Los estudiosos del hecho social concuerdan en que el maltrato y la violencia en la infancia reproducen, en la mayoría de los casos, esos comportamientos en la adolescencia y en la adultez.

Pero no es sólo el maltrato y violencia familiar -quiero ampliar el espectro- lo que produce o genera la semilla para acciones despiadadas como las últimas reseñadas en la prensa sino el inescrupuloso uso del lenguaje totalitario, que agrede el buen comportamiento, los modales, la educación, las normas, el deber ser y por sobre todo lo anterior, el manifiesto desprecio a la ley.

Una sociedad que se ufana de considerar a leyes como simples referencias ¨facultativas” y no como normas de obligatorio cumplimiento está muy lejos de ser una sociedad civilizada que pueda proteger a sus ciudadanos de acciones bárbaras.

Si agredimos, irrespetamos y violentamos las normas que no tienen otro objetivo que garantizar una sana convivencia, no podemos exigir luego que el comportamiento de los menos privilegiados sea mejor que el de nosotros.

Sin embargo son los gobernantes, y aquí no se puede escurrir el bulto, los encargados de velar porque las normas se cumplan, se respete el derecho ajeno y modelen la actuación del resto de los ciudadanos por lo que su comportamiento, lenguaje y mensaje serán fundamentales para generar un clima de paz o de violencia.

Es por ello que si realmente queremos iniciar acciones tendentes a evitar las terribles situaciones de criminalidad que estamos viviendo, tendría el Gobierno como primer y no único responsable, revisar el impacto que el lenguaje de violencia genera en el quiebre de principios y valores sociales. Ese nuevo lenguaje revolucionario en el cual la propiedad privada es irrespetada, el empresario honesto es depredador, el político de oposición es malignizado, las formas de vida democráticas cuestionadas, la ética es despreciada, subvierte los hechos y genera antivalores que propician la violencia y no la paz.

Los gobernantes modelan a sus ciudadanos por lo que para responder a la pregunta hecha por el Presidente Maduro ¿cómo hacemos para parar la matanza en Venezuela? le recomendaría trabajar en el desmontaje del lenguaje de violencia como tema de fondo y obviamente seguir las indicaciones de los expertos en estos asuntos para que se convoque a la sociedad en pleno a participar en el desarme de la población, generación de nuevas instalaciones penitenciarias, desarrollo de reales políticas de prevención y rehabilitación, reforzamiento del sistema de justicia, entre otras.

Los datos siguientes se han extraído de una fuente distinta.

Lemma active_finished k v : v \in active k -> v \notin finished k.
Proof. by rewrite !inE => /orP[->|/andP[_ ->]]; rewrite ?andbF. Qed.

Lemma dtail_nth k : (k < size s)%N -> dtail (nth d0 s k) = wend x0 (take k s).
Proof.
move=> hk; move: s_walk; rewrite -{1}(cat_take_drop k s) walk_cat (drop_nth d0 hk) /=.
by case/and3P=> _ /eqP.
Qed.

Lemma has_incident_wend p : p != [::] -> has (incident (wend x0 p)) p.
Proof. by case/lastP: p => // p e _; rewrite wend_rcons has_rcons /incident eqxx orbT. Qed.

Section Step.
Variable k : nat.
Hypothesis k_lt : (k < size s)%N.
Let d := nth d0 s k.
Let t := dtail d.
Let w := dhead d.

Lemma take_succ : take k.+1 s = rcons (take k s) d.
Proof. exact: take_nth. Qed.

Lemma visited_succ v : visited k.+1 v = visited k v || incident v d.
Proof. by rewrite /visited take_succ has_rcons orbC. Qed.

Lemma pending_succ v : pending k v = incident v d || pending k.+1 v.
Proof. by rewrite /pending (drop_nth d0 k_lt). Qed.

Lemma incident_tail : incident t d. Proof. by rewrite /incident eqxx. Qed.
Lemma incident_head : incident w d. Proof. by rewrite /incident eqxx orbT. Qed.

Lemma tail_active : t \in active k.
Proof.
rewrite inE; case: (posnP k) => [k0|k_gt0]; first by rewrite /t dtail_nth // k0 take0 eqxx.
rewrite pending_succ incident_tail /= andbT /visited /t dtail_nth //.
by rewrite has_incident_wend ?orbT // -size_eq0 size_take k_lt -lt0n.
Qed.

Lemma head_active : w \in active k.+1.
Proof.
have w_end : w = wend x0 (take k.+1 s) by rewrite take_succ wend_rcons.
rewrite inE visited_succ incident_head orbT /=.
case: (ltnP k.+1 (size s)) => k1_lt.
  by rewrite /pending (drop_nth d0 k1_lt) /= /incident w_end -dtail_nth // eqxx orbT.
by rewrite w_end (@take_oversize _ k.+1) // s_closed eqxx.
Qed.

Lemma tail_unfinished : t \notin finished k.
Proof. by rewrite inE pending_succ incident_tail /= andbF. Qed.

Lemma head_unfinished : w \notin finished k.
Proof. by rewrite inE pending_succ incident_head /= andbF. Qed.

Lemma head_unfinished_succ : w \notin finished k.+1.
Proof. exact: active_finished head_active. Qed.

Lemma not_incident v : v != t -> v != w -> incident v d = false.
Proof. by move=> vt vw; rewrite /incident !(eq_sym _ v) (negbTE vt) (negbTE vw). Qed.

Lemma active_succ v : v != t -> v != w -> (v \in active k.+1) = (v \in active k).
Proof. by move=> vt vw; rewrite !inE visited_succ pending_succ not_incident ?orbF. Qed.

Lemma finished_succ v : v != t -> v != w -> (v \in finished k.+1) = (v \in finished k).
Proof. by move=> vt vw; rewrite !inE visited_succ pending_succ not_incident ?orbF. Qed.

Lemma weight_succ r : weight k.+1 r = weight k r * dmx d (r t) (r w).
Proof. by rewrite /weight take_succ big_rcons. Qed.

Lemma weight_fresh : w \notin active k -> forall r c, weight k (upd r w c) = weight k r.
Proof.
rewrite inE negb_or pending_succ incident_head /= andbT => /andP[_ unvisited] r c.
rewrite /weight; apply: eq_big_seq => e e_in.
have : ~~ incident w e by move/hasPn: unvisited; apply.
by rewrite /incident negb_or => /andP[te he]; rewrite !upd_neq.
Qed.

Section TailStays.
Hypothesis t_active : t \in active k.+1.

Lemma finished_stay : finished k.+1 = finished k.
Proof.
apply/setP => v; case: (eqVneq v t) => [->|vt].
  by rewrite (negbTE (active_finished t_active)) (negbTE tail_unfinished).
case: (eqVneq v w) => [->|vw]; first by rewrite (negbTE head_unfinished_succ) (negbTE head_unfinished).
exact: finished_succ.
Qed.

Algunas veces los acontecimientos históricos producen un punto de inflexión en el cual la sociedad rápidamente puede cambiar su comportamiento de forma inusitada y no predecible por hechos concretos que son inevitables y que no pueden anticiparse. Ojalá sea esta consternación nacional el hecho que produzca el cambio colectivo en la sociedad, empezando por el Gobierno y seguido por los padres, educadores, dirigentes y opinadores que nos movilice a participar en soluciones que tengan resultados concretos en el corto plazo. ¡Hagamos cada uno lo que nos corresponde!